Neng Afrin menangis sesegukan dalam pelukan Umminya. Dia tidak tega melihat keadaan Amel yang sangat pucat kala Gus Naufal menggendongnya ke dalam mobil. Diikuti Naifa dan dirinya menuju rumah sakit.

Pintu ruang ICU terbuka. Sesosok dokter setengah baya muncul di ikuti suster muda cantik. Berhijab.

"Bagaimana keadaan putri saya, Dok? Dia baik-baik saja, kan? Putri saya bisa di selamatkan kan, Dok?"

Abi Abdullah langsung memberondong dokter tersebut dengan rentetan pertanyaan. Matanya berkaca-kaca. Dia begitu takut kehilangan putrinya.

"Tenang, Pak. Kondisi pasien baik-baik saja. Tadi sempat drop. Tapi Alhamdulillah sekarang sudah normal kembali."

Penjelasan dokter membuat Abi Abdullah bernafas lega.

"Untuk saat ini pasien butuh istirahat cukup. Kondisi tubuhnya masih sangat lemah. Sepertinya pasien mengalami trauma. Jadi saya sarankan jangan membahas sesuatu yang mengingatkan kembali pada traumanya. Karena hal itu akan berakibat buruk pada kondisi tubuhnya."

"Ya Allah... Putriku." Rasa bersalah muncul di hati Abi Abdullah. "Apa saya boleh menjenguknya?"

"Silakan. Tapi pasien hanya boleh di jenguk satu orang. Saat ini dia butuh istirahat cukup."

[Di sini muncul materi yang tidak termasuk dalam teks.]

(* For $A,x\in\mathbb{R}$ define $E_0(A,x):=1$, $E_1(A,x):=e^{(1-x)A}$ and, for $n\ge2$, \[ E_n(A,x):=\begin{cases} \exp\!\Big(\big[x(E_1+E_3+\cdots+E_{n-1})-\tfrac n2\big]A\Big), & n \text{ even},\\[4pt] \exp\!\Big(\big[\tfrac{n+1}{2}-x(E_0+E_2+\cdots+E_{n-1})\big]A\Big), & n\text{ odd},\end{cases} \] with all $E_j$ evaluated at $(A,x)$. Define $\varphi_1(A,x):=x-1$, $\varphi_n(A,x):=\varphi_{n-1}(A,x)-1+xE_{n-1}(A,x)$ for $n\ge2$, and the polynomial $p_n(A):=\frac{\partial\varphi_n}{\partial x}(A,1)$. Then: (i) for every $n\ge2$, the positive roots of $p_{2n}$ are separated by the positive roots of $p_{2n-1}$, and the positive roots of $p_{2n+1}$ are separated by the positive roots of $p_{2n}$ that are less than $2$; (ii) for every $n\ge1$, the even polynomials $\frac{p_{2n}(A)}{2-A}$ and $p_{2n-1}(A)$ each have exactly $n-1$ positive roots; consequently, since they are even of degree $2n-2$, they also have $n-1$ negative roots, and all their roots are real and simple.
   Context: Given two finite sets $R_1,R_2\subset\mathbb{R}$ (here, sets of roots), ''$R_1$ is separated by $R_2$'' means: all elements of $R_2$ lie between the minimal and maximal elements of $R_1$, and between any two consecutive elements of $R_2$ there... more precisely, any interval formed by a pair of consecutive elements of $R_1$ contains exactly one element of $R_2$ (i.e. the elements of $R_1$ and $R_2$ interlace, with $R_1$ having the extreme elements). For $n\ge1$, $2-A$ divides $p_{2n}(A)$, so $\frac{p_{2n}(A)}{2-A}$ is a polynomial. *)

From HB Require Import structures.
From mathcomp Require Import all_boot all_order all_algebra.
From mathcomp Require Import all_classical all_reals all_analysis.
Set Implicit Arguments. Unset Strict Implicit. Unset Printing Implicit Defensive.
Import Order.TTheory GRing.Theory Num.Theory.
Local Open Scope classical_set_scope.
Local Open Scope ring_scope.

"Baiklah. Terima kasih, Dokter."

"Sama-sama. Saya permisi dulu."

"Silakan, Dok."

Sebelum masuk, Abi Abdullah menguatkan diri. Air matanya merembes jatuh membasahi wajahnya yang tak lagi muda.

"Abi. Yang sabar, ya. Amel pasti sembuh, kok." Ummi Zahrana mengusap lembut lengan suaminya. Mencoba mentransfer kekuatan.

"Iya, Mi."

Tangis Abi Abdullah tak mampu lagi di bendung melihat keadaan putrinya yang terbaring lemah. Wajahnya pucat dengan mata terpejam rapat. Gadis itu terlihat begitu rapuh walau sedang tertidur pulas akibat obat bius. Di mulutnya terpasang selang oksigen. Karena saat di tangani dokter tadi, darah yang keluar dari hidungnya tak memungkinkan gadis itu mendapat bantuan pernafasan.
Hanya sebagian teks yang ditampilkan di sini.